Turkish entrepreneur and engineer (1949–2021)

Özdemir Bayraktar (1949 – 18 October 2021) was a Turkish engineer and entrepreneur. He founded the Turkish private defense company Baykar and was its Chairman of the Board of Directors until his death in 2021. Bayraktar also contributed heavily to Turkey's UCAV industry, as a lead designer of the Baykar Bayraktar TB2 and the architect of the Baykar Bayraktar Akıncı.

== Early life ==
Özdemir Bayraktar was born in 1949 in the Garipçe neighborhood of Sarıyer, Istanbul, Turkey. His father was Lütfi Reis of Sürmene. He graduated from Kabataş Boys High School in Istanbul in 1967 and graduated from Istanbul Technical University's Department of Mechanical Engineering in 1972. He later graduated with a Master's degree from ITU's Department of Engines.

== Career ==
Bayraktar started his career as an engineer focusing on internal combustion engines. He worked at several of Turkey's leading industrial companies, including Burdur Tractors and Istanbul Retaining Ring Uzel.

In 1984, Bayraktar founded the company Baykar Makina, a subcontractor supplier of CNC precision machines which aimed to manufacture and sell automobile parts such as engines, pumps, and spare parts. The company began working with the Turkish military in the 1990s. In 2004, while assisting his son Selçuk with his MIT PhD dissertation on unmanned aerial vehicles, he made the decision to begin focusing Baykar's efforts on designing UCAVs.

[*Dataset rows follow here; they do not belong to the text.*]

(* The absolute random order ratio of Best Fit satisfies $RR_{\mathrm{BF}} \ge 1.30$.
   Context: Bin packing: given a list $I=(x_1,\ldots,x_n)$ of items with sizes in $(0,1]$, a packing assigns items to unit-capacity bins so that the total size of items in each bin is at most $1$. $\mathrm{OPT}(I)$ denotes the minimum number of bins in a feasible packing. The online algorithm Best Fit (BF) processes the items in the given order and packs the current item into the fullest bin (largest current load) into which it fits, opening a new bin if it fits into no existing bin; items are never moved. $\mathrm{BF}(I)$ denotes the number of bins Best Fit uses on list $I$. For $\sigma\in\mathcal{S}_n$ (permutations of $[n]$), $I^\sigma=(x_{\sigma(1)},\ldots,x_{\sigma(n)})$. With $\mathcal{I}$ the set of all finite item lists and $\sigma$ uniformly random in $\mathcal{S}_n$, the absolute random order ratio is $$RR_{\mathrm{BF}}=\sup_{I\in\mathcal{I}}\frac{\mathbb{E}[\mathrm{BF}(I^\sigma)]}{\mathrm{OPT}(I)}.$$ *)

From HB Require Import structures.
From mathcomp Require Import all_boot all_order all_algebra.
From mathcomp Require Import fingroup perm.
From mathcomp Require Import reals.
Set Implicit Arguments. Unset Strict Implicit. Unset Printing Implicit Defensive.
Import Order.TTheory GRing.Theory Num.Theory.
Local Open Scope ring_scope.

Section BinPacking.
Variable R : realType.

Definition valid_items (I : seq R) : bool := all (fun x => (0 < x) && (x <= 1)) I.

(* State of Best Fit: the sequence of current bin loads (in opening order). *)

Fixpoint add_to_first (s : seq R) (m x : R) : seq R :=
  match s with
  | [::] => [::]
  | l :: s' => if l == m then (l + x) :: s' else l :: add_to_first s' m x
  end.

(* One Best Fit step: among the bins into which x fits (load + x <= 1),
   put x into one of largest load; if none, open a new bin.  (Ties are
   broken by lowest index; this does not affect the number of bins.) *)
Definition bf_step (s : seq R) (x : R) : seq R :=
  let f := [seq l <- s | l + x <= 1] in
  if f is l0 :: _ then add_to_first s (foldl Num.max l0 f) x
  else rcons s x.

Definition BF (I : seq R) : nat := size (foldl bf_step [::] I).

Definition packable (I : seq R) (k : nat) : bool :=
  [exists f : {ffun 'I_(size I) -> 'I_k},
     [forall j : 'I_k, \sum_(i < size I | f i == j) nth 0 I i <= 1]].

(* OPT I = least k with I packable into k bins (searched in 0..size I;
   for valid I, k = size I always works, so this is the true minimum). *)
Definition OPT (I : seq R) : nat := find (packable I) (iota 0 (size I).+1).

Definition permute (I : seq R) (s : 'S_(size I)) : seq R :=
  [seq nth 0 I (s i) | i <- enum 'I_(size I)].


Definition E_BF (I : seq R) : R :=
  (\sum_(s : 'S_(size I)) (BF (@permute I s))%:R) / ((size I)`!)%:R.

Definition rr_ratio (I : seq R) : R := E_BF I / (OPT I)%:R.

End BinPacking.

From HB Require Import structures.
From mathcomp Require Import all_boot all_order all_algebra.
From mathcomp Require Import fingroup perm.
From mathcomp Require Import reals.
From mathcomp Require Import lra.
Import Order.TTheory GRing.Theory Num.Theory.
Set Implicit Arguments. Unset Strict Implicit. Unset Printing Implicit Defensive.

(* Take three items of size 1/3 and two of size 5/12, so that OPT = 2. Best Fit
   ends with two bins when the first two items of the order have equal size and
   with three bins otherwise. The first two positions of a uniformly random
   order hold a uniformly random ordered pair of distinct items, so two bins
   occur with probability (3*2 + 2*1)/(5*4) = 2/5. Hence E[BF] = 13/5 and the
   ratio is 13/10. Best Fit on these rational sizes is simulated exactly by
   Best Fit on the integer sizes 4 and 5 with capacity 12. *)

Section PermutedPairs.
Variable n : nat.

Lemma perm_pair_exists (i0 i1 j k : 'I_n) : i0 != i1 -> j != k ->
  exists s : 'S_n, s i0 = j /\ s i1 = k.
Proof.
move=> ne_i ne_jk; set a := tperm i0 j i1.
have ne_aj : a != j.
  by rewrite -[j](tpermL i0) (inj_eq perm_inj) eq_sym.
exists (tperm i0 j * tperm a k)%g; rewrite !permM tpermL; split.
  by rewrite tpermD // eq_sym.
exact: tpermL.
Qed.

Lemma sum_perm_pair_invariant (F : 'I_n -> 'I_n -> nat) (i0 i1 j k : 'I_n) :
  i0 != i1 -> j != k ->
  \sum_(s : 'S_n) F (s i0) (s i1) = \sum_(s : 'S_n) F (s j) (s k).
Proof.
move=> ne_i ne_jk; have [p [pi0 pi1]] := perm_pair_exists ne_i ne_jk.
rewrite (reindex_inj (mulgI p)) /=.
by apply: eq_bigr => s _; rewrite !permM pi0 pi1.
Qed.

Lemma sum_perm_pair (F : 'I_n -> 'I_n -> nat) (i0 i1 : 'I_n) : i0 != i1 ->
  (\sum_(s : 'S_n) F (s i0) (s i1)) * (n * n.-1)
  = n`! * \sum_(j < n) \sum_(k < n | k != j) F j k.
Proof.
move=> ne_i.
have count_pairs : \sum_(j < n) \sum_(k < n | k != j) 1 = n * n.-1.
  rewrite (eq_bigr (fun _ => n.-1)) ?sum_nat_const ?card_ord // => j _.
  by rewrite sum1_card cardC1 card_ord.
rewrite -count_pairs big_distrr /=.
rewrite (eq_bigr (fun j => \sum_(k < n | k != j) \sum_(s : 'S_n) F (s j) (s k))).
  rewrite (eq_bigr (fun j => \sum_(s : 'S_n) \sum_(k < n | k != j) F (s j) (s k)));
    last by move=> j _; rewrite exchange_big.
  rewrite exchange_big (eq_bigr (fun _ => \sum_(j < n) \sum_(k < n | k != j) F j k)).
    by rewrite sum_nat_const card_Sn mulnC.
  move=> s _; rewrite [RHS](reindex_inj (@perm_inj _ s)); apply: eq_bigr => j _.
  rewrite [RHS](reindex_inj (@perm_inj _ s)).
  by apply: eq_bigl => k; rewrite (inj_eq perm_inj).
move=> j _; rewrite big_distrr /=; apply: eq_bigr => k ne_kj.
by rewrite muln1 (sum_perm_pair_invariant (j := j) (k := k) F ne_i) // eq_sym.
Qed.

End PermutedPairs.

Lemma nth_map_ord_enum (T : Type) (x0 : T) n (F : 'I_n -> T) (i : 'I_n) :
  nth x0 [seq F j | j <- enum 'I_n] i = F i.
Proof. by rewrite (nth_map i) ?size_enum_ord // nth_ord_enum. Qed.

Lemma perm_eq_nth_perm (T : eqType) (x0 : T) (s : seq T) (p : 'S_(size s)) :
  perm_eq [seq nth x0 s (p i) | i <- enum 'I_(size s)] s.
Proof.
rewrite -[s in perm_eq _ s](mkseq_nth x0) /mkseq -val_enum_ord.
rewrite (map_comp (nth x0 s) (val \o p)) (map_comp val p) !perm_map //.
apply: uniq_perm; rewrite ?enum_uniq ?(map_inj_uniq perm_inj) ?enum_uniq // => i.
rewrite mem_enum; apply/mapP; exists (p^-1 i)%g; by rewrite ?mem_enum ?permKV.
Qed.

Fixpoint add_to_first_nat (s : seq nat) (m x : nat) : seq nat :=
  match s with
  | [::] => [::]
  | l :: s' => if l == m then (l + x) :: s' else l :: add_to_first_nat s' m x
  end.

Definition bf_step_nat (d : nat) (s : seq nat) (x : nat) : seq nat :=
  let f := [seq l <- s | l + x <= d] in
  if f is l0 :: _ then add_to_first_nat s (foldl maxn l0 f) x else rcons s x.

Definition BF_nat (d : nat) (w : seq nat) : nat := size (foldl (bf_step_nat d) [::] w).

Local Open Scope ring_scope.

Section ScaledItems.
Variables (R : realType) (d : nat).
Hypothesis d_gt0 : (0 < d)%N.

Definition scaled (n : nat) : R := n%:R / d%:R.

Lemma scaledD a b : scaled (a + b) = scaled a + scaled b.
Proof. by rewrite /scaled natrD mulrDl. Qed.

Lemma ler_scaled a b : (scaled a <= scaled b) = (a <= b)%N.
Proof. by rewrite /scaled ler_pM2r ?invr_gt0 ?ltr0n // ler_nat. Qed.

Lemma scaled_le1 n : (scaled n <= 1) = (n <= d)%N.
Proof. by rewrite /scaled ler_pdivrMr ?ltr0n // mul1r ler_nat. Qed.

Lemma scaled_gt0 n : (0 < scaled n) = (0 < n)%N.
Proof. by rewrite /scaled pmulr_lgt0 ?invr_gt0 ?ltr0n. Qed.

Lemma scaled_inj : injective scaled.
Proof. by move=> a b eq_ab; apply/eqP; rewrite eqn_leq -!ler_scaled eq_ab lexx. Qed.

Lemma scaled_max a b : scaled (maxn a b) = Num.max (scaled a) (scaled b).
Proof.
case: (leqP a b) => [le_ab | /ltnW le_ba].
  by rewrite max_r ?ler_scaled.
by rewrite max_l ?ler_scaled.
Qed.

Lemma sum_scaled (s : seq nat) : \sum_(x <- map scaled s) x = scaled (sumn s).
Proof. by rewrite big_map sumnE /scaled natr_sum mulr_suml. Qed.

Lemma sum_nth_scaled (s : seq nat) (P : pred 'I_(size (map scaled s))) :
  \sum_(i < size (map scaled s) | P i) nth 0 (map scaled s) i =
  scaled (\sum_(i < size (map scaled s) | P i) nth 0%N s i).
Proof.
rewrite /scaled natr_sum mulr_suml; apply: eq_bigr => i _.
by rewrite (nth_map 0%N) // -(size_map scaled) ltn_ord.
Qed.

Lemma valid_items_scaled (s : seq nat) :
  valid_items (map scaled s) = all (fun n => (0 < n <= d)%N) s.
Proof.
by rewrite /valid_items all_map; apply: eq_all => n /=; rewrite scaled_gt0 scaled_le1.
Qed.

Lemma add_to_first_scaled s m x :
  add_to_first (map scaled s) (scaled m) (scaled x) = map scaled (add_to_first_nat s m x).
Proof.
elim: s => //= l s IH; rewrite (inj_eq scaled_inj).
by case: eqP => _ /=; rewrite ?scaledD ?IH.
Qed.

Lemma bf_step_scaled s x : bf_step (map scaled s) (scaled x) = map scaled (bf_step_nat d s x).
Proof.
rewrite /bf_step /bf_step_nat filter_map.
rewrite (eq_filter (a2 := fun l => (l + x <= d)%N)) => [|l]; last first.
  by rewrite /= -scaledD scaled_le1.
have foldl_max l0 t :
    foldl Num.max (scaled l0) (map scaled t) = scaled (foldl maxn l0 t).
  by elim: t l0 => //= y t IH l0; rewrite -scaled_max IH.
case: [seq l <- s | (l + x <= d)%N] => [|l0 t] /=; first by rewrite map_rcons.
by rewrite -scaled_max foldl_max add_to_first_scaled.
Qed.

Lemma BF_scaled w : BF (map scaled w) = BF_nat d w.
Proof.
suff foldl_scaled (s0 : seq nat) :
    foldl (@bf_step R) (map scaled s0) (map scaled w) = map scaled (foldl (bf_step_nat d) s0 w).
  by rewrite /BF /BF_nat -(size_map scaled) -foldl_scaled.
by elim: w s0 => //= x w IH s0; rewrite bf_step_scaled IH.
Qed.

End ScaledItems.

Section BinPackingFacts.
Variable R : realType.

Lemma packable_sum_le (I : seq R) k : packable I k -> \sum_(x <- I) x <= k%:R.
Proof.
case/existsP=> f /forallP bins_le1.
rewrite (big_nth 0) big_mkord (partition_big f xpredT) //=.
by rewrite -[k in k%:R]card_ord -sum1_card natr_sum ler_sum.
Qed.

Lemma OPT_eq (I : seq R) k : (k <= size I)%N -> packable I k ->
  (forall j, (j < k)%N -> ~~ packable I j) -> OPT I = k.
Proof.
move=> le_k packk below_k; rewrite /OPT -(subnKC (leqW le_k)) iotaD find_cat.
have -> : has (packable I) (iota 0 k) = false.
  by apply/hasPn => j; rewrite mem_iota => /andP[_]; exact: below_k.
by rewrite size_iota subSn //= packk addn0.
Qed.

Lemma permute_map (T : Type) (x0 : T) (f : T -> R) (s : seq T) (p : 'S_(size (map f s))) :
  permute p = map f [seq nth x0 s (p i) | i <- enum 'I_(size (map f s))].
Proof.
rewrite /permute -map_comp; apply: eq_map => i /=.
by rewrite (nth_map x0) // -(size_map f) ltn_ord.
Qed.

End BinPackingFacts.

Definition items : seq nat := [:: 4; 4; 4; 5; 5].

Definition first_pair_bins (j k : 'I_5) : nat :=
  if nth 0 items j == nth 0 items k then 2 else 3.

Lemma BF_nat_items :
  {in permutations items, forall w, BF_nat 12 w = if nth 0 w 0 == nth 0 w 1 then 2 else 3}%N.
Proof.
suff /allP BF_all : all (fun w => BF_nat 12 w == if nth 0 w 0 == nth 0 w 1 then 2 else 3)%N
                        (permutations items).
  by move=> w /BF_all /eqP.
by vm_compute.
Qed.

Lemma sum_BF_nat_items :
  (\sum_(p : 'S_5) BF_nat 12 [seq nth 0 items (p i) | i <- enum 'I_5] = 312)%N.
Proof.
have lt1_5 : (1 < 5)%N by [].
have BF_p (p : 'S_5) : BF_nat 12 [seq nth 0 items (p i) | i <- enum 'I_5] =
                       first_pair_bins (p ord0) (p (Ordinal lt1_5)).
  have w_perm := perm_eq_nth_perm 0%N (p : 'S_(size items)).
  rewrite BF_nat_items ?mem_permutations //.
  by rewrite (nth_map_ord_enum 0%N _ ord0) (nth_map_ord_enum 0%N _ (Ordinal lt1_5)).
have sum_pairs : (\sum_(j < 5) \sum_(k < 5 | k != j) first_pair_bins j k = 52)%N.
  by rewrite (eq_bigr _ (fun j _ => big_mkcond _ _)) !big_ord_recr !big_ord0.
rewrite (eq_bigr _ (fun p _ => BF_p p)); apply/eqP.
rewrite -(eqn_pmul2r (_ : 0 < 5 * 5.-1)%N) //.
by rewrite (sum_perm_pair _ (isT : ord0 != Ordinal lt1_5)) sum_pairs.
Qed.

Section Instance.
Variable R : realType.

Let I : seq R := map (scaled R 12) items.

Lemma E_BF_instance : E_BF I = 312%:R / 120%:R.
Proof.
rewrite /E_BF -natr_sum -sum_BF_nat_items; congr (_%:R / _%:R).
by apply: eq_bigr => p _; rewrite (permute_map 0%N) BF_scaled.
Qed.

Lemma OPT_instance : OPT I = 2%N.
Proof.
apply: OPT_eq => // [|j lt_j2]; last first.
  have le_j1 : j%:R <= 1 :> R by rewrite lern1 -ltnS.
  apply/negP => /packable_sum_le; rewrite sum_scaled // => /le_trans /(_ le_j1).
  by rewrite scaled_le1.
apply/existsP; exists [ffun i : 'I_5 => if (i < 3)%N then ord0 else ord_max : 'I_2].
apply/forallP => j; rewrite sum_nth_scaled // scaled_le1 // big_mkcond.
by rewrite !big_ord_recr big_ord0 /= !ffunE; case: j => [[|[|]]].
Qed.

End Instance.

Theorem theorem5 (R : realType) (c : R) :
  c < 13%:R / 10%:R ->
  exists I : seq R, [/\ valid_items I, (0 < size I)%N & c < rr_ratio I].
Proof.
move=> lt_c; exists (map (scaled R 12) items); split.
- by rewrite valid_items_scaled.
- by [].
- by rewrite /rr_ratio E_BF_instance OPT_instance; lra.
Qed.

Bayraktar contributed to Selçuk's design of the Bayraktar TB2, based on the Bayraktar TB1 prototype, which had its first flight in August 2014. He later designed the Bayraktar Akıncı which flew for the first time in December 2019.

== Personal life and death ==
Bayraktar married Canan Bayraktar, a graduate of Istanbul University Faculty of Economics. The couple had three sons together. Bayraktar's eldest son, Haluk, later became CEO and President of Baykar, while his middle son, Selçuk, later became CTO and Chairman of the Board of Baykar. He held a private pilot's license.

On 1 April 2021, he was awarded the Karabakh Order by Azerbaijani president Ilham Aliyev for his "contribution to the liberation of Karabakh from the occupation of Armenia". Özdemir Bayraktar died on 18 October 2021.